(* Let $H$ be a separable infinite-dimensional complex Hilbert space, $T\in\mathcal{L}(H)$ and $\lambda\in\partial\sigma(T;H)$ (the boundary of the spectrum). Then $T-\lambda I$ is not universal. In particular, if $\sigma(T;H)=\partial\sigma(T;H)$, then $T-\lambda I$ is not universal for any $\lambda\in\mathbb{C}$.
   Context: $\mathcal{L}(H)$ denotes the bounded linear operators on $H$. Operators $T_1\in\mathcal{L}(H_1)$, $T_2\in\mathcal{L}(H_2)$ are similar if there is a linear isomorphism $J:H_1\to H_2$ with $T_1=J^{-1}T_2J$. An operator $U\in\mathcal{L}(H)$ is universal if for every $T\in\mathcal{L}(H)$ there exist a closed subspace $M\subset H$ with $U(M)\subset M$ and a constant $c\neq0$ such that $U|_M:M\to M$ and $cT:H\to H$ are similar. *)

From mathcomp Require Import all_boot all_order all_algebra.
From mathcomp Require Import all_classical all_reals all_analysis.
From mathcomp Require Import complex.

Set Implicit Arguments.
Unset Strict Implicit.
Unset Printing Implicit Defensive.

Import Order.TTheory GRing.Theory Num.Theory.
Import numFieldNormedType.Exports.
Local Open Scope ring_scope.
Local Open Scope classical_set_scope.

(* The field of complex numbers, seen as a numClosedFieldType (so that it
   carries its canonical normed/topological structure, norm = modulus). *)
Definition Cplx (R : realType) : numClosedFieldType := R[i].

Section Hilbert.
Variables (R : realType) (H : completeNormedModType (Cplx R)).

(* ip is an inner product (linear in the 1st argument, conjugate symmetric)
   inducing the norm of H:  |x|^2 = <x,x>.  Together with completeness of H
   this says that H is a complex Hilbert space. *)
Definition is_inner_product (ip : H -> H -> Cplx R) : Prop :=
  (forall (a : Cplx R) (x y z : H), ip (a *: x + y) z = a * ip x z + ip y z) /\
  (forall x y : H, ip y x = (ip x y)^*) /\
  (forall x : H, `|x| ^+ 2 = ip x x).

Definition separable_space : Prop :=
  exists D : set H, countable D /\ dense D.

Definition infinite_dimensional : Prop :=
  forall n : nat, exists v : 'I_n -> H,
    forall c : 'I_n -> Cplx R,
      \sum_(i < n) c i *: v i = 0 -> forall i, c i = 0.

Definition is_linear_map (f : H -> H) : Prop :=
  (forall x y, f (x + y) = f x + f y) /\ (forall (a : Cplx R) x, f (a *: x) = a *: f x).

Definition bounded_op (T : H -> H) : Prop := is_linear_map T /\ continuous T.

Definition shift_op (T : H -> H) (lam : Cplx R) : H -> H := fun x => T x - lam *: x.

Definition spectrum (T : H -> H) : set (Cplx R) :=
  [set lam | ~ exists S : H -> H, bounded_op S /\
       (forall x, S (shift_op T lam x) = x) /\ (forall y, shift_op T lam (S y) = y)].

Definition closed_subspace (M : set H) : Prop :=
  closed M /\ M 0 /\ (forall x y, M x -> M y -> M (x + y)) /\
  (forall (a : Cplx R) x, M x -> M (a *: x)).

(* J is represented by a function H -> H of which only the values on M matter. *)
Definition similar_restr (U : H -> H) (M : set H) (V : H -> H) : Prop :=
  exists J K : H -> H,
    (forall x y, M x -> M y -> J (x + y) = J x + J y) /\
    (forall (a : Cplx R) x, M x -> J (a *: x) = a *: J x) /\
    {within M, continuous J} /\
    bounded_op K /\ (forall y, M (K y)) /\
    (forall x, M x -> K (J x) = x) /\ (forall y, J (K y) = y) /\
    (forall x, M x -> U x = K (V (J x))).

Definition universal (U : H -> H) : Prop :=
  forall T : H -> H, bounded_op T ->
    exists (M : set H) (c : Cplx R),
      closed_subspace M /\ (forall x, M x -> M (U x)) /\ c != 0 /\
      similar_restr U M (fun x => c *: T x).

End Hilbert.

Definition boundary (R : realType) (S : set (Cplx R)) : set (Cplx R) :=
  closure S `\` interior S.

(* If U = T - lam is universal, then U restricted to some invariant closed
   subspace M0 is similar to the zero operator; M0 <> H, since U = 0 on all of H
   would make every U|_M zero, hence not similar to c I.  The similarity gives a
   bounded isomorphism G : H -> M0 with inverse J0, and composing J0 with the
   orthogonal projection onto M0 yields a bounded W with W (G y) = y and a
   nonzero vector k in its kernel.  For |nu| ||G|| < 1 the fixed point of
   y |-> k + nu G y is an eigenvector: W y = nu y.  Universality applied to W
   turns each such nu into an eigenvalue c nu of U, so a whole disc around lam
   lies in the spectrum of T: lam is an interior point of the spectrum. *)

From mathcomp Require Import all_boot all_order all_algebra.
From mathcomp Require Import all_classical all_reals all_analysis.
From mathcomp Require Import complex.
From mathcomp Require Import ring lra.
Set Implicit Arguments.
Unset Strict Implicit.
Unset Printing Implicit Defensive.
Import Order.TTheory GRing.Theory Num.Theory.
Import numFieldNormedType.Exports.
Local Open Scope ring_scope.
Local Open Scope classical_set_scope.

Local Notation "x %:C" := (real_complex _ x).

(* Norms in a normed space over [Cplx R] are complex numbers; [rnorm] takes
   their real part so that estimates can be carried out in [R]. *)
Definition rnorm (R : realType) (V : normedModType (Cplx R)) (v : V) : R :=
  complex.Re `|v|.

Section RealNorm.
Variables (R : realType) (V : normedModType (Cplx R)).

Lemma rnormE (v : V) : `|v| = (rnorm v)%:C.
Proof. by rewrite RRe_real // normr_real. Qed.

Lemma rnorm_ge0 (v : V) : 0 <= rnorm v.
Proof. by rewrite -ler0c -rnormE. Qed.

Lemma rnorm_le (u w : V) : (rnorm u <= rnorm w) = (`|u| <= `|w|).
Proof. by rewrite !rnormE lecR. Qed.

Lemma rnormD (u w : V) : rnorm (u + w) <= rnorm u + rnorm w.
Proof. by rewrite -lecR rmorphD /= -!rnormE ler_normD. Qed.

Lemma rnormB (u w : V) : rnorm (u - w) = rnorm (w - u).
Proof. by rewrite /rnorm distrC. Qed.

Lemma rnormZ (a : Cplx R) (v : V) : rnorm (a *: v) = rnorm a * rnorm v.
Proof. by apply: complexI; rewrite rmorphM /= -!rnormE normrZ. Qed.

Lemma rnorm_eq0 (v : V) : (rnorm v == 0) = (v == 0).
Proof. by rewrite -(inj_eq (@complexI R)) rmorph0 -rnormE normr_eq0. Qed.

Lemma rnorm_gt0 (v : V) : (0 < rnorm v) = (v != 0).
Proof. by rewrite lt0r rnorm_eq0 rnorm_ge0 andbT. Qed.

End RealNorm.

Lemma rnorm_real (R : realType) (r : R) : 0 <= r -> rnorm (r%:C : Cplx R) = r.
Proof. by move=> r0; rewrite /rnorm ger0_norm ?ler0c. Qed.

Lemma gt0_complexP (R : realType) (e : Cplx R) : 0 < e -> exists2 r : R, 0 < r & e = r%:C.
Proof.
move=> e0; have er : e \is Num.real by rewrite realE ltW.
by exists (complex.Re e); rewrite ?RRe_real // -ltcR RRe_real.
Qed.

Section Continuity.
Variables (R : realType) (V W : normedModType (Cplx R)).

Lemma lipschitz_continuous (f : V -> W) (C : R) : 0 <= C ->
  (forall x y, rnorm (f x - f y) <= C * rnorm (x - y)) -> continuous f.
Proof.
move=> C0 hf x; apply/cvgrPdist_lt => _ /gt0_complexP [e e0 ->].
apply/nbhs_normP; exists (e / (C + 1))%:C => /= [|t].
  by rewrite (ltcR 0) divr_gt0 //; lra.
rewrite /= (rnormE (x - t)) (rnormE (f x - f t)) !ltcR.
have eE : e / (C + 1) * (C + 1) = e by field; lra.
have := hf x t; have := rnorm_ge0 (x - t); move: eE; move: (e / (C + 1)) => d; nra.
Qed.

Lemma homogeneous_bound (f : V -> W) (M : set V) : M 0 ->
  (forall (a : Cplx R) x, M x -> M (a *: x)) ->
  (forall (a : Cplx R) x, M x -> f (a *: x) = a *: f x) ->
  {within M, continuous f} ->
  exists2 C : R, 0 < C & forall x, M x -> rnorm (f x) <= C * rnorm x.
Proof.
move=> M0 MZ fZ cf.
have f0 : f 0 = 0 by have := fZ 0 0 M0; rewrite !scale0r.
have [d d0 hd] : exists2 d : R, 0 < d & forall x, M x -> rnorm x < d -> rnorm (f x) < 1.
  have := cvgr_dist_lt _ _ ((subspace_continuousP _ _).1 cf 0 M0) 1 ltr01.
  rewrite /from_subspace f0 => /(_ (within_filter _ (nbhs_filter _))).
  move=> /nbhs_normP [_ /gt0_complexP [d d0 ->] hd].
  exists d => // x Mx xd; have /= := hd x; rewrite !sub0r !normrN.
  rewrite (rnormE x) (rnormE (f x)) -(rmorph1 (real_complex R)) !ltcR.
  by apply.
exists (2 / d) => [|x Mx]; first by rewrite divr_gt0.
have [->|x0] := eqVneq x 0; first by rewrite f0 /rnorm !normr0 mulr0.
have r0 : 0 < rnorm x by rewrite rnorm_gt0.
pose s := d / (2 * rnorm x).
have s0 : 0 < s by rewrite divr_gt0 // mulr_gt0.
have := hd (s%:C *: x) (MZ _ _ Mx); rewrite fZ // !rnormZ (rnorm_real (ltW s0)).
have -> : s * rnorm x = d / 2 by rewrite /s; field; rewrite gt_eqF.
have sE : s * (2 / d * rnorm x) = 1 by rewrite /s; field; rewrite !gt_eqF.
rewrite -{2}sE ltr_pM2l // => /(_ _)/ltW; apply; lra.
Qed.
End Continuity.

Section FixedPoint.
Variables (R : realType) (V : completeNormedModType (Cplx R)).

Lemma contraction_fixpoint (f : V -> V) (q : R) : 0 <= q -> q < 1 ->
  (forall x y, rnorm (f x - f y) <= q * rnorm (x - y)) -> exists x, f x = x.
Proof.
move=> q0 q1 hf; pose y n := iter n f 0; pose a := rnorm (f 0).
have a0 : 0 <= a := rnorm_ge0 _.
have step n : rnorm (y n.+1 - y n) <= q ^+ n * a.
  elim: n => [|n IH]; first by rewrite expr0 mul1r subr0.
  by rewrite exprS -mulrA; apply: le_trans (hf _ _) _; apply: ler_wpM2l.
have dist n m : rnorm (y (n + m)%N - y n) * (1 - q) <= q ^+ n * a - q ^+ (n + m) * a.
  elim: m => [|m IH]; first by rewrite addn0 !subrr /rnorm normr0 mul0r.
  have := rnormD (y (n + m).+1 - y (n + m)%N) (y (n + m)%N - y n).
  rewrite addrA subrK addnS exprS; have := step (n + m)%N.
  move: IH; move: (rnorm _) (rnorm _) (rnorm _) (q ^+ n) (q ^+ (n + m)) => u v w P Q.
  nra.
have cy : cvgn y.
  apply/cauchy_cvgP/cauchy_exP => _ /gt0_complexP [e e0 ->].
  have e' : 0 < e * (1 - q) / (a + 1) by rewrite divr_gt0 ?mulr_gt0 //; lra.
  have q1' : `|q| < 1 by rewrite ger0_norm.
  have [N /= qN] := filter_ex (cvgr_dist_lt _ _ (cvg_expr q1') _ e').
  exists (y N); exists N => // n /= Nn.
  rewrite -ball_normE /= -(subnKC Nn) rnormE rnormB ltcR.
  have := dist N (n - N)%N; rewrite exprD.
  move: qN; rewrite sub0r normrN ger0_norm ?exprn_ge0 // ltr_pdivlMr; last lra.
  have := exprn_ge0 N q0; have := exprn_ge0 (n - N) q0.
  move: (rnorm _) (q ^+ N) (q ^+ (n - N)) => u P Q Q0 P0 PQ du.
  have := mulr_ge0 (mulr_ge0 P0 Q0) a0.
  nra.
have ylim : y @ \oo --> limn y by exact: cy.
have yS : (fun n => y n.+1) @ \oo --> limn y by rewrite cvg_shiftS.
have fy : (f \o y) @ \oo --> f (limn y).
  apply: continuous_cvg => //; exact: lipschitz_continuous q0 hf _.
by exists (limn y); apply: cvg_unique fy yS.
Qed.

End FixedPoint.

Section InnerProduct.
Variables (R : realType) (H : completeNormedModType (Cplx R)) (ip : H -> H -> Cplx R).
Hypothesis hip : is_inner_product ip.

Lemma ipDZl a x y z : ip (a *: x + y) z = a * ip x z + ip y z.
Proof. by case: hip. Qed.

Lemma ip_conj x y : ip y x = (ip x y)^*.
Proof. by case: hip => _ []. Qed.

■ ■ ■ ■ ■

■ **Task directions**
Word for word, repeat the lines from the one holding "Section InnerProduct." through the last line of the entries, both included.

■ **Exercise solution**
Section InnerProduct.
Variables (R : realType) (H : completeNormedModType (Cplx R)) (ip : H -> H -> Cplx R).
Hypothesis hip : is_inner_product ip.

Lemma ipDZl a x y z : ip (a *: x + y) z = a * ip x z + ip y z.
Proof. by case: hip. Qed.

Lemma ip_conj x y : ip y x = (ip x y)^*.
Proof. by case: hip => _ []. Qed.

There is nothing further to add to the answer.